Crystal Clear? As 2012 draws to a close, thoughts inevitably turn to the year ahead. We thought we should dust off our crystal ball and share our predictions for 2013. As always, don’t hold us to them! Nobody can predict the future but here are some educated guesses for the main asset classes.

Equities to take off? We’ve said for a while that equities look undervalued based on company fundamentals. Over the past year we’ve seen some decent returns but the FTSE 100 is still below the 6,000 level. There are several reasons markets are not higher. It is not generally because companies are not doing well but because of “macro” economic concerns. Some of the main concerns for 2012 have been: • The Eurozone crisis • A slowdown in China • The US economy In our view, we could be about to reach a tipping point. One by one these concerns have receded. Europe finally reached a deal on Greece, Italy and Spain can now borrow at sensible levels, whilst there seems to be more of a consensus on how to move forward.

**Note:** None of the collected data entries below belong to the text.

(* If both halves of the defining form (a1, a2) were nonzero, then (u, -v)   *)
(* with a1 u = a2 v = 1 would lie in the hyperplane although A u fails.       *)
Lemma hyperplane_prod_set n1 n2 (A : set 'cV[C]_n1) (B : set 'cV[C]_n2) :
  A 0 -> B 0 ->
  hyperplane (prod_set A B) <->
  (hyperplane A /\ B = setT) \/ (A = setT /\ hyperplane B).
Proof.
move=> A0 B0; split; last first.
  case=> [[[a [a0 ->]] ->]|[-> [a [a0 ->]]]].
  - exists (row_mx a 0); split; first by rewrite row_mx_eq0 negb_and a0.
    rewrite prod_setE preimage_setT setIT; apply/seteqP.
    by split=> w; rewrite /= -[w]vsubmxK mul_row_col col_mxKu mul0mx addr0.
  - exists (row_mx 0 a); split; first by rewrite row_mx_eq0 negb_and a0 orbT.
    rewrite prod_setE preimage_setT setTI; apply/seteqP.
    by split=> w; rewrite /= -[w]vsubmxK mul_row_col col_mxKd mul0mx add0r.
move=> [a [a0 prod_ker]].
have [a1 [a2 a_split]] : exists a1 a2, a = row_mx a1 a2.
  by exists (lsubmx a), (rsubmx a); rewrite hsubmxK.
have ker_col u v : A u /\ B v <-> a1 *m u + a2 *m v = 0.
  by rewrite -prod_set_col_mx prod_ker /= a_split mul_row_col.
have kerA : A = [set u | a1 *m u = 0].
  by apply/seteqP; split=> u; have := ker_col u 0; rewrite mulmx0 addr0 /=; tauto.
have kerB : B = [set v | a2 *m v = 0].
  by apply/seteqP; split=> v; have := ker_col 0 v; rewrite mulmx0 add0r /=; tauto.
have [a1_0|a1_neq0] := eqVneq a1 0.
  right; split; first by rewrite kerA a1_0; apply/seteqP; split=> // u; rewrite /= mul0mx.
  exists a2; split=> //; apply: contraNneq a0 => a2_0.
  by rewrite a_split a1_0 a2_0 row_mx0.
have [a2_0|a2_neq0] := eqVneq a2 0.
  left; split; first by exists a1.
  by rewrite kerB a2_0; apply/seteqP; split=> // v; rewrite /= mul0mx.
have [u a1u] := rV_neq0_mulmx_eq1 a1_neq0.
have [v a2v] := rV_neq0_mulmx_eq1 a2_neq0.
have [] : A u /\ B (- v) by apply/ker_col; rewrite mulmxN a1u a2v subrr.
by rewrite kerA /= a1u; move/eqP; rewrite oner_eq0.
Qed.
Lemma Un_cv_of_bounded_almost_increasing (u : nat -> R) (M C : R) : 0 <= C ->
  (forall n, (0 < n)%nat -> u n <= M) ->
  (forall n m, (0 < n)%nat -> (n <= m)%nat -> u n - C * INR n / INR m <= u m) ->
  exists l, Un_cv u l.
Proof.
move=> C_ge0 le_M drift.
pose values x := exists n, (0 < n)%nat /\ x = u n.
have [S [S_ub S_least]] : {S | is_lub values S}.
  by apply: completeness; [exists M => _ [n [n_gt0 ->]]; apply: le_M | exists (u 1%nat), 1%nat].
exists S => eps eps_gt0.
have [n [n_gt0 near_S]] : exists n, (0 < n)%nat /\ S - eps / 2 < u n.
  apply: NNPP => far; suff : S <= S - eps / 2 by lra.
  apply: S_least => _ [n [n_gt0 ->]]; apply: Rnot_lt_le => lt; apply: far; by exists n.
have [N N_gt] := INR_unbounded (2 * C * INR n / eps).
exists (N + n)%nat => m le_m.
have le_nm : (n <= m)%nat by apply/leP; lia.
have N_le : INR N <= INR m by apply: le_INR; lia.
have m_gt0 : (0 < m)%nat by apply: leq_trans le_nm.
have m_pos : 0 < INR m by apply/lt_0_INR/ltP.
have small : C * INR n / INR m <= eps / 2.
  have : 2 * C * INR n < eps * INR m.
    have := Rmult_lt_compat_r eps _ _ eps_gt0 (Rlt_le_trans _ _ _ N_gt N_le).
    by rewrite /Rdiv Rmult_assoc Rinv_l; lra.
  move=> lt; apply: (Rmult_le_reg_r (INR m)) => //.
  by rewrite /Rdiv Rmult_assoc Rinv_l; lra.
have := drift n m n_gt0 le_nm; have : u m <= S by apply: S_ub; exists m.
by rewrite /R_dist => *; apply: Rabs_def1; lra.
Qed.

Definition grid_ratio (n : nat) : R := INR (n * n) / INR (pi_opt n).

Lemma pi_opt_pos n : (0 < n)%nat -> 0 < INR (pi_opt n).
Proof. by move=> n_gt0; apply/lt_0_INR/ltP; have := grid_size_le_pi_opt n; nia. Qed.

Lemma grid_ratio_le9 n : (0 < n)%nat -> grid_ratio n <= 9.
Proof.
move=> n_gt0; have P_pos := pi_opt_pos n_gt0.
have /leP/le_INR := grid_size_le_pi_opt n.
rewrite /grid_ratio -multE !mult_INR (_ : INR 9 = 9); last by simpl; lra.
move=> le; apply: (Rmult_le_reg_r (INR (pi_opt n))) => //.
by rewrite /Rdiv Rmult_assoc Rinv_l; lra.
Qed.

Lemma grid_ratio_drift n m : (0 < n)%nat -> (n <= m)%nat ->
  grid_ratio n - 27 * INR n / INR m <= grid_ratio m.
Proof.
move=> n_gt0 le_nm.
have m_gt0 : (0 < m)%nat by apply: leq_trans le_nm.
have P_pos := pi_opt_pos n_gt0; have Q_pos := pi_opt_pos m_gt0.
have m_pos : 0 < INR m by apply/lt_0_INR/ltP.
have /leP/le_INR := pi_opt_drift n_gt0 le_nm.
rewrite /grid_ratio -!multE -plusE !plus_INR !mult_INR (_ : INR 27 = 27); last by simpl; lra.
set P := INR (pi_opt n) in P_pos *; set Q := INR (pi_opt m) in Q_pos *.
set x := INR n; set y := INR m in m_pos * => le.
apply: (Rmult_le_reg_r (P * Q * y)); first by repeat apply: Rmult_lt_0_compat.
have -> : (x * x / P - 27 * x / y) * (P * Q * y) = x * x * y * Q - 27 * x * P * Q.
  by field; lra.
have -> : y * y / Q * (P * Q * y) = y * y * y * P by field; lra.
lra.
Qed.

Theorem mainTheorem1 :
  exists l : R, Un_cv (fun n : nat => INR (n * n)%nat / INR (pi_opt n)) l.
Proof.
apply: (@Un_cv_of_bounded_almost_increasing grid_ratio 9 27); first lra.
  exact: grid_ratio_le9.
exact: grid_ratio_drift.
Qed.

Let’s hope Mr Berlusconi’s new bid for power doesn’t throw a spanner in the works! The data from China is pointing to a turnaround in their economy, and the dreaded “Hard Landing” looks to have been avoided. The US economy has done well this year but there are concerns over the “Fiscal Cliff”. We have written about this before and we are sure you are bored of hearing about it (we certainly are). However, we believe this cliff will become more like a gentle slope and the US economy can continue to grow. If this hurdle is removed, the last of the major barriers to markets moving ahead will have fallen away. Whilst risks still remain, the opportunities are immense.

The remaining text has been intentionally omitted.